Do you have a bucket list; things you want to do before you leave this world?

Two weeks ago I checked off one item from my list; seeing the birthing and migration of baby turtles at the Ostional Wildlife Refuge in Costa Rica. I’m not an early riser, but for this I rolled out of bed at 3 a.m. for the two hour drive south.

The Ostional National Wildlife Refuge is located in the western Costa Rica province of Guanacaste. The Refuge became protected in 1982 and was officially created as a national park in 1984 to protect one of the world’s most important nesting beaches for Olive Ridley marine turtles.

The Olive Ridley Sea Turtles are renowned for their arribadas (the Spanish word for arrivals), which are huge egg laying seasons. During arribadas the sand can be covered with thousands of turtles. The largest “arribada” recorded in Ostional took place in November 1995, when an estimated 500 000 females came ashore. Some believe that the arribadas are associated with moon phases and tides. However, there are turtles laying eggs at Ostional Beach throughout most of the year.

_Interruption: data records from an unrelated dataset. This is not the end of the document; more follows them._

Definition ket1bra1 : 'M[C]_2 := delta_mx 1 1.
Definition piM (M : R) : 'M[C]_2 :=
  \matrix_(i, j) if i == j then
                   (if i == 0 then (1 - M^-1)%:C else (M^-1)%:C) else 0.
Definition PiM (M : R) : set 'M[C]_2 := [set s | exists M', M <= M' /\ s = piM M'].

Definition feasible n (eps : R) (P E : set 'M[C]_n) (M : R)
  (F : 'M[C]_2 -> 'M[C]_n) : Prop :=
  (exists rho, P rho /\ tdist (F ket1bra1) rho <= eps) /\
  (forall s, PiM M s -> E (F s)).

(* one-shot work cost from a dirty battery, beta * C-bar (log inf, log inf0 = +oo) *)
Definition work_cost n (cls : set ('M[C]_2 -> 'M[C]_n)) (eps : R)
  (P E : set 'M[C]_n) : \bar R :=
  let S := [set M : R | 1 < M /\ exists F, cls F /\ feasible eps P E M F] in
  if `[< S = set0 >] then +oo%E else (ln (inf S))%:E.

Definition GPL n : set ('M[C]_2 -> 'M[C]_n) := [set F | linear F].

(* Hamiltonians are given by spectral data: H = W^dagger diag(h) W with W unitary.
   The ancilla energies may be +oo (None), so that its Gibbs state may be rank
   deficient.  beta is the inverse temperature. *)
Definition gibbs_weight (beta : R) (x : option R) : R :=
  if x is Some y then expR (- (beta * y)) else 0.

Definition gibbs_state (beta : R) e (V : 'M[C]_e) (E : 'I_e -> option R) : 'M[C]_e :=
  let w := fun j => gibbs_weight beta (E j) in
  let Z := \sum_j w j in
  adj V *m diag_mx (\row_j (w j / Z)%:C) *m V.

Definition tens m n p q (A : 'M[C]_(m, n)) (B : 'M[C]_(p, q)) : 'M[C]_(m * p, n * q) :=
  mxtens.tensmx A B.

Definition ptrace n r (X : 'M[C]_(n * r)) : 'M[C]_n :=
  \matrix_(i, k) \sum_(j < r) X (mxtens.mxtens_index (i, j)) (mxtens.mxtens_index (k, j)).

Definition tot_energy e (hB : 'I_2 -> R) (E : 'I_e -> option R) (k : 'I_(2 * e)) : option R :=
  let ij := mxtens.mxtens_unindex k in
  if E ij.2 is Some x then Some (hB ij.1 + x) else None.

(* U commutes with H_B (x) I + I (x) H_E: block diagonal in the energy eigenbasis *)
Definition energy_conserving e (WB : 'M[C]_2) (hB : 'I_2 -> R)
  (V : 'M[C]_e) (E : 'I_e -> option R) (U : 'M[C]_(2 * e)) : Prop :=
  let X := tens WB V in
  forall k l, tot_energy hB E k <> tot_energy hB E l -> (X *m U *m adj X) k l = 0.

Definition thermal_op n (beta : R) (WB : 'M[C]_2) (hB : 'I_2 -> R) :
  set ('M[C]_2 -> 'M[C]_n) :=
  [set F | exists (e r : nat) (V : 'M[C]_e) (E : 'I_e -> option R)
             (U : 'M[C]_(2 * e)) (sig : 'I_(n * r) -> 'I_(2 * e)),
     [/\ (V \is unitarymx /\ U \is unitarymx), (exists j, E j <> None),
         energy_conserving WB hB V E U, bijective sig &
         forall rho, F rho =
           ptrace (\matrix_(k, l)
             (U *m tens rho (gibbs_state beta V E) *m adj U) (sig k) (sig l))]].

Definition replacer n (tau : 'M[C]_n) : 'M[C]_2 -> 'M[C]_n := fun s => \tr s *: tau.

Definition rhs_b n (eps : R) (P E : set 'M[C]_n) : \bar R :=
  if diam_set E == 0%E then +oo%E
  else (ln (fine (tdist_sets P E - eps%:E) / fine (diam_set E)))%:E.

End QDefs.

Arguments density {R} n _.
Arguments GPL {R} n _.
Arguments thermal_op {R} n beta WB hB _.

(* (a) Discarding the battery and preparing tau is a thermal operation: tau is the Gibbs
   state of an ancilla whose level j has energy -ln(p_j)/beta, with p_j the eigenvalues of
   tau.  If tau lies in E and eps-close to P, this map is feasible for every M > 1, so the
   infimum of the feasible M is 1.
   (b) A linear F sends pi_M' to F|0><0| + G/M', with G = F|1><1| - F|0><0| hermitian, and
   t := T(F|1><1|, F|0><0|) = ||G||_1/2.  The triangle inequality through F|1><1| gives
   T(P, E) <= eps + (1 - 1/M) t, while pi_M and pi_{M^2} both land in E, so
   diam(E) >= (1/M - 1/M^2) t.  Hence T(P, E) - eps <= M diam(E) for every feasible M. *)

From HB Require Import structures.
From mathcomp Require Import all_boot all_order all_algebra.
From mathcomp Require Import sesquilinear spectral.
From mathcomp Require Import complex.
From mathcomp Require mxtens.
From mathcomp Require Import all_classical all_reals.
From mathcomp Require Import ereal topology normedtype sequences exp.
From mathcomp Require Import ring.

Set Implicit Arguments.
Unset Strict Implicit.
Unset Printing Implicit Defensive.

Import Order.TTheory GRing.Theory Num.Theory.
Local Open Scope ring_scope.
Local Open Scope classical_set_scope.
Local Open Scope sesquilinear_scope.

Section HermitianMatrices.
Variable R : realType.
Local Notation C := R[i].

Definition hermmx n (A : 'M[C]_n) : Prop := A^t* = A.

Lemma adjmxM m n p (A : 'M[C]_(m, n)) (B : 'M[C]_(n, p)) :
  (A *m B)^t* = B^t* *m A^t*.
Proof. by rewrite trmx_mul map_mxM. Qed.

Lemma hermmxD n (A B : 'M[C]_n) : hermmx A -> hermmx B -> hermmx (A + B).
Proof. by rewrite /hermmx linearD /= map_mxD => -> ->. Qed.

Lemma hermmxZ n (c : C) (A : 'M[C]_n) : c \is Num.real -> hermmx A -> hermmx (c *: A).
Proof.
rewrite CrealE => /eqP cr /matrixP hA; apply/matrixP => i j.
by move: (hA i j); rewrite !mxE rmorphM /= cr => ->.
Qed.

Lemma hermmxB n (A B : 'M[C]_n) : hermmx A -> hermmx B -> hermmx (A - B).
Proof. by move=> hA hB; rewrite -scaleN1r; apply/hermmxD/hermmxZ; rewrite ?rpredN1. Qed.

Lemma hermmx_spectral n (A : 'M[C]_n) : hermmx A ->
  exists W (l : 'rV[C]_n), [/\ W \is unitarymx, forall i, l 0 i \is Num.real &
     A = W^t* *m diag_mx l *m W].
Proof.
move=> hA; have hs : A \is hermsymmx by apply/is_hermitianmxP; rewrite expr0 scale1r hA.
exists (spectralmx A), (spectral_diag A); split.
- exact: spectral_unitarymx.
- by move=> i; have /mxOverP := hermitian_spectral_diag_real hs; apply.
- have /orthomx_spectralP {1}-> := hermitian_normalmx hs.
  by rewrite invmx_unitary // spectral_unitarymx.
Qed.

Section Spectral.
Variables (n : nat) (W : 'M[C]_n).
Hypothesis uW : W \is unitarymx.

Lemma mulmx_spectral (a b : 'rV[C]_n) :
  (W^t* *m diag_mx a *m W) *m (W^t* *m diag_mx b *m W) =
  W^t* *m diag_mx (\row_j (a 0 j * b 0 j)) *m W.
Proof. by rewrite -mulmx_diag !mulmxA mulmxtVK. Qed.

Lemma mxtrace_spectral (l : 'rV[C]_n) : \tr (W^t* *m diag_mx l *m W) = \sum_j l 0 j.
Proof. by rewrite mxtrace_mulC mulmxA (unitarymxP uW) mul1mx mxtrace_diag. Qed.

End Spectral.

Lemma norm_diag_conj_le n (K : 'M[C]_n) (s : 'rV[C]_n) i :
  K \is unitarymx -> (forall k, `|s 0 k| <= 1) -> `|(K *m diag_mx s *m K^t*) i i| <= 1.
Proof.
move=> /unitarymxP /matrixP /(_ i i) uK hs.
have -> : (K *m diag_mx s *m K^t*) i i = \sum_k s 0 k * (K i k * (K i k)^*).
  by rewrite mxE; apply: eq_bigr => k _; rewrite mul_mx_diag !mxE mulrCA mulrA.
have e1 : \sum_k K i k * (K i k)^* = 1.
  by move: uK; rewrite !mxE eqxx mulr1n => <-; apply: eq_bigr => k _; rewrite !mxE.
rewrite -[X in _ <= X]e1; apply: le_trans (ler_norm_sum _ _ _) _; apply: ler_sum => k _.
rewrite normrM [X in _ * X]ger0_norm ?mul_conjC_ge0 //.
by apply: ler_piMl; rewrite ?mul_conjC_ge0.
Qed.

Lemma mxtrace_rot (T : comPzRingType) n (A B C D E F : 'M[T]_n) :
  \tr (A *m B *m C *m (D *m E *m F)) = \tr (F *m A *m B *m (C *m D) *m E).
Proof. by rewrite !mulmxA mxtrace_mulC !mulmxA. Qed.

Lemma norm_mxtrace_spectral_le n (U W : 'M[C]_n) (l s : 'rV[C]_n) :
  U \is unitarymx -> W \is unitarymx -> (forall k, `|s 0 k| <= 1) ->
  `|\tr ((W^t* *m diag_mx s *m W) *m (U^t* *m diag_mx l *m U))| <= \sum_i `|l 0 i|.
Proof.
move=> uU uW hs.
have uK : U *m W^t* \is unitarymx := mul_unitarymx uU (etrans (trmxC_unitary W) uW).
have -> : \tr ((W^t* *m diag_mx s *m W) *m (U^t* *m diag_mx l *m U)) =
          \tr ((U *m W^t*) *m diag_mx s *m (U *m W^t*)^t* *m diag_mx l).
  by rewrite adjmxM trmxCK mxtrace_rot.
rewrite /mxtrace; apply: le_trans (ler_norm_sum _ _ _) _; apply: ler_sum => i _.
by rewrite mul_mx_diag mxE normrM; apply: ler_piMl; rewrite ?norm_diag_conj_le.
Qed.

Definition formmx n (A : 'M[C]_n) (u v : 'rV[C]_n) : C := (u *m A *m v^t*) 0 0.

Lemma formmxDl n (A : 'M[C]_n) u1 u2 v : formmx A (u1 + u2) v = formmx A u1 v + formmx A u2 v.
Proof. by rewrite /formmx !mulmxDl mxE. Qed.

Lemma formmxDr n (A : 'M[C]_n) u v1 v2 : formmx A u (v1 + v2) = formmx A u v1 + formmx A u v2.
Proof. by rewrite /formmx linearD /= map_mxD !mulmxDr mxE. Qed.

The turtles are normally shy and easily disturbed. However during the “arribada” the turtles become almost oblivious to disturbance by people, animals, light or sound. You’ll see them bumping into and crawling over each other, determined to fulfil their task of laying eggs at all cost.

Our group witnessed the baby turtles emerging from the nests approximately 45 days after the last arribada. Each nest had approximately 80 to 100 eggs.  The babies stay in the nest up to four days after hatching. When conditions are right they begin erupting from the sand like a volcano spewing lava. We were fortunate enough to catch several nests as they began to pour out. We watched in awe and cheered as the last few struggled to get themselves out of the sand holds.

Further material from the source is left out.